* Task requirements
Please output the section of the listing below that opens with the line containing "- by exists 1; rewrite scale1r." and closes with the line containing "have t0 : 0 < t by apply: lt_trans t1.", exactly and with nothing else.

* Exercise data
(* Assume (H1) and (H2), and fix $\alpha_0>0$. Then for all $f_1,f_1^*\in C[0,\alpha_0]$, $$\|U^{\alpha_0}(f_1)-U^{\alpha_0}(f_1^* )\|\le \varphi(\alpha_0)\,\|f_1-f_1^*\|,\qquad \varphi(\alpha_0):=2D^*\bar F_1(\alpha_0).$$
   Context: Fix constants $a>0$, $Q_0>0$, $\lambda_0>0$, $\theta_m>0$ and put $D^*=\frac{Q_0}{4\pi\lambda_0\theta_m}$. For $\alpha_0>0$: $C[0,\alpha_0]$ is the Banach space of real continuous functions on $[0,\alpha_0]$ with norm $\|f\|=\max_{[0,\alpha_0]}|f|$. We are given maps $L^*,N^*$ assigning to each $f_1\in C[0,\alpha_0]$ positive continuous functions $L^*(f_1),N^*(f_1)$ on $(0,\alpha_0]$. Define, for $0\le\eta\le\alpha_0$: $E_1(0,\eta,f_1)=\exp\big(-\alpha_0 a\int_0^{\eta}\frac{N^*(f_1)(s)}{L^*(f_1)(s)}ds\big)$, $F_1(0,\eta,f_1)=\int_0^{\eta}\frac{E_1(0,s,f_1)}{s\,L^*(f_1)(s)}ds$, and the operator $U^{\alpha_0}(f_1)(\eta)=D^*\big[F_1(0,\alpha_0,f_1)-F_1(0,\eta,f_1)\big]$, $0\le\eta\le\alpha_0$. Hypothesis (H1) (the part used here): there are positive constants $\mu,\nu,L_{1m},L_{1M},N_{1m},N_{1M}$ with $\mu>\max(1,\nu)$ such that for all $\alpha_0>0$, all $f_1\in C[0,\alpha_0]$ and all $0<\eta\le\alpha_0$: $L_{1m}\eta^{-\mu}\le L^*(f_1)(\eta)\le L_{1M}\eta^{-\mu}$ and $N_{1m}\eta^{-\nu}\le N^*(f_1)(\eta)\le N_{1M}\eta^{-\nu}$. Hypothesis (H2) (the part used here): there are constants $\bar L_1,\bar N_1\ge0$ such that for all $\alpha_0>0$ and all $f_1,f_1^*\in C[0,\alpha_0]$: $\sup_{0<s\le\alpha_0}|L^*(f_1)(s)-L^*(f_1^* )(s)|\le\bar L_1\|f_1-f_1^*\|$ and $\sup_{0<s\le\alpha_0}|N^*(f_1)(s)-N^*(f_1^* )(s)|\le\bar N_1\|f_1-f_1^*\|$. For $z>0$, $\bar F_1(z)=\frac{za}{L_{1m}^2}\Big(\frac{\bar N_1 z^{2\mu+1}}{(\mu+1)(2\mu+1)}+\frac{\bar L_1N_{1M}}{L_{1m}}\frac{z^{3\mu-\nu+1}}{(2\mu-\nu+1)(3\mu-\nu+1)}\Big)+\frac{\bar L_1}{L_{1m}^2}\frac{z^{2\mu}}{2\mu}$. *)

From Stdlib Require Import Reals.
From Coquelicot Require Import Coquelicot.
Open Scope R_scope.

Definition cont_on (D : R -> Prop) (f : R -> R) : Prop :=
  forall x, D x -> filterlim f (within D (locally x)) (locally (f x)).

Definition Icc (a b : R) : R -> Prop := fun x => a <= x <= b.
Definition Ioc (a b : R) : R -> Prop := fun x => a < x <= b.

Definition normC (a0 : R) (g : R -> R) : R :=
  real (Lub_Rbar (fun y => exists x, 0 <= x <= a0 /\ y = Rabs (g x))).

(* The operator maps: Ls a0 f1 is L^*(f1) for f1 in C[0,a0] (similarly Ns). *)
Definition opmap := R -> (R -> R) -> R -> R.

Definition E1 (a : R) (Ls Ns : opmap) (a0 : R) (f1 : R -> R) (eta : R) : R :=
  exp (- (a0 * a * RInt (fun s => Ns a0 f1 s / Ls a0 f1 s) 0 eta)).

Definition F1 (a : R) (Ls Ns : opmap) (a0 : R) (f1 : R -> R) (eta : R) : R :=
  RInt (fun s => E1 a Ls Ns a0 f1 s / (s * Ls a0 f1 s)) 0 eta.

Definition Dstar (Q0 lambda0 thetam : R) : R := Q0 / (4 * PI * lambda0 * thetam).
(* Let $M,N:\Sigma\to c(X)$ be multimeasures with $M\ll N$, and assume that $N$ satisfies the countable chain condition. Then for every $A\in\Sigma\setminus\mathcal N(M)$ there exists $B\in\Sigma\setminus\mathcal N(M)$ with $B\subseteq A$ such that $N\ll M$ on $\Sigma_B$, i.e. every $E\in\Sigma_B$ with $M(E)=\{0\}$ satisfies $N(E)=\{0\}$.
   Context: $(\Omega,\Sigma)$ is a measurable space and $X$ is a Hausdorff locally convex space with dual $X'$. $c(X)$ is the family of nonempty closed convex subsets of $X$; $s(x',C)=\sup\{\langle x',x\rangle:x\in C\}$. A multimeasure is a map $M:\Sigma\to c(X)$ such that for every $x'\in X'$ the set function $E\mapsto s(x',M(E))$ is a $\sigma$-finite countably additive measure with values in $(-\infty,+\infty]$. $\mathcal N(M)=\{E\in\Sigma:M(E)=\{0\}\}$. $M\ll N$ means $\mathcal N(N)\subseteq\mathcal N(M)$. $\Sigma_B=\{E\in\Sigma:E\subseteq B\}$. A multimeasure $N$ satisfies the countable chain condition (ccc) if every family of pairwise disjoint sets in $\Sigma\setminus\mathcal N(N)$ is at most countable. *)

From HB Require Import structures.
From mathcomp Require Import all_boot all_order all_algebra.
From mathcomp Require Import all_classical all_reals all_analysis.
Set Implicit Arguments. Unset Strict Implicit. Unset Printing Implicit Defensive.
Import Order.TTheory GRing.Theory Num.Theory.
Import numFieldTopology.Exports numFieldNormedType.Exports.
Local Open Scope classical_set_scope.
Local Open Scope ring_scope.

Section multimeasure_defs.
Context {R : realType} {X : tvsType R}.

Definition dual_elt (f : X -> R) : Prop :=
  (forall (a : R) (x y : X), f (a *: x + y) = a * f x + f y) /\ continuous f.

Definition cX (C : set X) : Prop :=
  C !=set0 /\ closed C /\ @convex_set R X C.

Definition supp_fun (f : X -> R) (C : set X) : \bar R :=
  ereal_sup [set (f x)%:E | x in C].

Context {d : measure_display} {T : measurableType d}.

Definition multimeasure (M : set T -> set X) : Prop :=
  (forall E, measurable E -> cX (M E)) /\
  forall f, dual_elt f ->
    let mu := fun E => supp_fun f (M E) in
    [/\ mu set0 = 0%E,
        (forall E, measurable E -> mu E != -oo%E),
        semi_sigma_additive mu &
        sigma_finite setT mu].

Definition null_sets (M : set T -> set X) : set (set T) :=
  [set E | measurable E /\ M E = [set 0]].

Definition mabs_cont (M N : set T -> set X) : Prop :=
  null_sets N `<=` null_sets M.

Definition ccc (N : set T -> set X) : Prop :=
  forall F : set (set T),
    (forall A, F A -> measurable A /\ ~ null_sets N A) ->
    (forall A B, F A -> F B -> A <> B -> A `&` B = set0) ->
    countable F.
End multimeasure_defs.

From HB Require Import structures.
From mathcomp Require Import all_boot all_order all_algebra.
From mathcomp Require Import all_classical all_reals all_analysis.
From mathcomp Require Import ring lra.
Set Implicit Arguments. Unset Strict Implicit. Unset Printing Implicit Defensive.
Import Order.TTheory GRing.Theory Num.Theory.
Import numFieldTopology.Exports numFieldNormedType.Exports.
Local Open Scope classical_set_scope.
Local Open Scope ring_scope.

(* Call a measurable E included in A "bad" when
   M(E) = {0} but N(E) <> {0}.  By Zorn's lemma there is a maximal family F
   of pairwise disjoint bad sets; by the countable chain condition of N it is
   countable, so its union E0 is a countable disjoint union of M-null sets,
   hence M-null.  Then B := A \ E0 works: if M(B) = {0}, A = B u E0 would be
   M-null; and a bad subset of B would be disjoint from all members of F,
   contradicting maximality.

   That countable disjoint unions of M-null sets are M-null follows from the
   sigma-additivity of the support functions s(x', M(.)) once we know that a
   nonempty set whose support functions all vanish is {0}, i.e. that the dual
   of a Hausdorff locally convex space separates points.  This form of the
   Hahn-Banach theorem is proved first: a linear form equal to 1 at a point x0
   outside a convex absorbing set U and bounded by 1 on U is obtained by Zorn's
   lemma on graphs of partially defined dominated linear forms. *)

Section linear_form.
Context {R : numDomainType} {X : lmodType R}.

Definition linear_form (f : X -> R) : Prop :=
  forall (a : R) (u v : X), f (a *: u + v) = a * f u + f v.

Lemma linear_form0 f : linear_form f -> f 0 = 0.
Proof.
move=> flin; have := flin 1 0 0; rewrite scale1r addr0 mul1r.
by move=> /(congr1 (fun t => t - f 0)) /=; rewrite subrr addrK.
Qed.

Lemma linear_formN f u : linear_form f -> f (- u) = - f u.
Proof.
by move=> flin; have := flin (-1) u 0; rewrite scaleN1r addr0 linear_form0 // addr0 mulN1r.
Qed.

End linear_form.

Section hahn_banach.
Context {R : realType} {X : lmodType R}.

Lemma convex_comb (U : set X) : convex_set U ->
  forall x y (l : R), U x -> U y -> 0 <= l -> l <= 1 -> U (l *: x + (1 - l) *: y).
Proof.
move=> cU x y l Ux Uy l0 l1.
by have := cU x y (Itv01 l0 l1) (mem_set Ux) (mem_set Uy); rewrite inE.
Qed.

Variables (U : set X) (x0 : X).
Hypotheses (cU : convex_set U) (U0 : U 0) (nUx0 : ~ U x0).
Hypothesis absorbing : forall y : X, exists t : R, [/\ 0 < t, U (t *: y) & U (- (t *: y))].

Definition dominated_graph (G : set (X * R)) : Prop :=
 [/\ G (x0, 1),
   (forall z r s, G (z, r) -> G (z, s) -> r = s),
   (forall a z r w s, G (z, r) -> G (w, s) -> G (a *: z + w, a * r + s)) &
   (forall z r, G (z, r) -> U z -> r <= 1)].

Lemma dominated_graph0 G : dominated_graph G -> G (0, 0).
Proof.
case=> Gx _ Gl _; have := Gl (-1) _ _ _ _ Gx Gx.
by rewrite scaleN1r addNr mulN1r addNr.
Qed.

Lemma dominated_graph_comb G a b z r w s : dominated_graph G ->
  G (z, r) -> G (w, s) -> G (a *: z + b *: w, a * r + b * s).
Proof.
move=> gG Gz Gw; have [_ _ Gl _] := gG.
have := Gl b _ _ _ _ Gw (dominated_graph0 gG); rewrite !addr0 => Gbw.
exact: Gl.
Qed.

Definition line_graph : set (X * R) := [set p | exists t, p = (t *: x0, t)].

Lemma line_graph_dominated : dominated_graph line_graph.
Proof.
have x0_neq0 : x0 != 0 by apply/eqP => x00; apply: nUx0; rewrite x00.
split.
- by exists 1; rewrite scale1r.
- move=> z r s [t [-> ->]] [t' [e ->]].
  apply/eqP; rewrite -subr_eq0; apply/eqP.
  have : (t - t') *: x0 == 0 by rewrite scalerBl e subrr.
  by rewrite scaler_eq0 (negbTE x0_neq0) orbF => /eqP.
- move=> a z r w s [t [-> ->]] [t' [-> ->]].
  by exists (a * t + t'); rewrite scalerDl scalerA.
- move=> z r [t [-> ->]] Ut; rewrite leNgt; apply/negP => t1; apply: nUx0.
  have t0 : 0 < t by apply: lt_trans t1.
  have := convex_comb cU (l := t^-1) Ut U0.
  rewrite scaler0 addr0 scalerA mulVf ?gt_eqF// scale1r; apply.
    by rewrite invr_ge0 ltW.
  by rewrite invf_le1 // ltW.
Qed.

Lemma dominated_chain_bigcup (F : set (set (X * R))) G1 :
  (forall G, F G -> G = set0 \/ dominated_graph G) -> total_on F subset ->
  F G1 -> dominated_graph G1 -> dominated_graph (\bigcup_(G in F) G).
Proof.
move=> FP Ftot FG1 [G1x _ _ _].
have Fg G p : F G -> G p -> dominated_graph G.
  by move=> FG Gp; case: (FP G FG) => // G0; rewrite G0 in Gp.
split.
- by exists G1.
- move=> z r s [Ga Fa Ar] [Gb Fb Bs].
  have [ab|ba] := Ftot _ _ Fa Fb.
    by have [_ Gf _ _] := Fg _ _ Fb Bs; exact: Gf (ab _ Ar) Bs.
  by have [_ Gf _ _] := Fg _ _ Fa Ar; exact: Gf Ar (ba _ Bs).
- move=> a z r w s [Ga Fa Ar] [Gb Fb Bs].
  have [ab|ba] := Ftot _ _ Fa Fb.
    by have [_ _ Gl _] := Fg _ _ Fb Bs; exists Gb => //; exact: Gl (ab _ Ar) Bs.
  by have [_ _ Gl _] := Fg _ _ Fa Ar; exists Ga => //; exact: Gl Ar (ba _ Bs).
- by move=> z r [Ga Fa Ar] Uz; have [_ _ _ Gb] := Fg _ _ Fa Ar; exact: Gb Ar Uz.
Qed.

Section one_step_extension.
Variables (A : set (X * R)) (y : X).
Hypotheses (gA : dominated_graph A) (ny : ~ exists r, A (y, r)).

(* Admissible values c for the extension to y: lower and upper slopes. *)
Definition lower_slopes : set R :=
  [set l | exists d r t, [/\ A (d, r), 0 < t, U (d - t *: y) & l = (r - 1) / t]].
Definition upper_slopes : set R :=
  [set h | exists d r t, [/\ A (d, r), 0 < t, U (d + t *: y) & h = (1 - r) / t]].

(* Every lower slope is below every upper slope, by convexity of U. *)
Lemma slopes_ordered d1 r1 t1 d2 r2 t2 :
  A (d1, r1) -> 0 < t1 -> U (d1 + t1 *: y) ->
  A (d2, r2) -> 0 < t2 -> U (d2 - t2 *: y) -> (r2 - 1) / t2 <= (1 - r1) / t1.
Proof.
move=> A1 t10 U1 A2 t20 U2.
have s0 : 0 < t1 + t2 by rewrite addr_gt0.
pose l := t1 / (t1 + t2).
have l0 : 0 <= l by rewrite divr_ge0 // ltW.
have l1 : l <= 1 by rewrite ler_pdivrMr // mul1r lerDl ltW.
have El : (1 - l) * t1 = l * t2 by rewrite /l; field; rewrite gt_eqF.
have := convex_comb cU U2 U1 l0 l1.
rewrite scalerBr scalerDr !scalerA El addrACA addNr addr0 => Uv.
have [_ _ _ Gb] := gA.
have H : l * r2 + (1 - l) * r1 <= 1.
  exact: Gb _ _ (dominated_graph_comb l (1 - l) gA A2 A1) Uv.
have H2 : t1 * r2 + t2 * r1 <= t1 + t2.
  have -> : t1 * r2 + t2 * r1 = (l * r2 + (1 - l) * r1) * (t1 + t2).
    by rewrite /l; field; rewrite gt_eqF.
  by rewrite -[leRHS]mul1r ler_pM2r.
rewrite ler_pdivrMr // mulrAC ler_pdivlMr //.
nra.
Qed.

Lemma slope_between :
  exists c, (forall l, lower_slopes l -> l <= c) /\ (forall h, upper_slopes h -> c <= h).
Proof.
have [t [t0 Uty Umty]] := absorbing y.
have A00 := dominated_graph0 gA.
have Lne : lower_slopes !=set0.
  by exists ((0 - 1) / t), 0, 0, t; split => //; rewrite sub0r.
have Hne : upper_slopes ((1 - 0) / t) by exists 0, 0, t; split => //; rewrite add0r.
have LH l h : lower_slopes l -> upper_slopes h -> l <= h.
  move=> [d2 [r2 [t2 [A2 t20 U2 ->]]]] [d1 [r1 [t1 [A1 t10 U1 ->]]]].
  exact: (slopes_ordered A1 t10 U1 A2 t20 U2).
exists (sup lower_slopes); split => [l Ll|h Hh].
  by apply: ub_le_sup => //; exists ((1 - 0) / t) => l' Ll'; exact: LH.
by apply: ge_sup => // l' Ll'; exact: LH.
Qed.

Variable c : R.
Hypotheses (cL : forall l, lower_slopes l -> l <= c)
  (cH : forall h, upper_slopes h -> c <= h).

Definition ext_graph : set (X * R) :=
  [set p | exists d r t, A (d, r) /\ p = (d + t *: y, r + t * c)].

* Answer area
- by exists 1; rewrite scale1r.
- move=> z r s [t [-> ->]] [t' [e ->]].
  apply/eqP; rewrite -subr_eq0; apply/eqP.
  have : (t - t') *: x0 == 0 by rewrite scalerBl e subrr.
  by rewrite scaler_eq0 (negbTE x0_neq0) orbF => /eqP.
- move=> a z r w s [t [-> ->]] [t' [-> ->]].
  by exists (a * t + t'); rewrite scalerDl scalerA.
- move=> z r [t [-> ->]] Ut; rewrite leNgt; apply/negP => t1; apply: nUx0.
  have t0 : 0 < t by apply: lt_trans t1.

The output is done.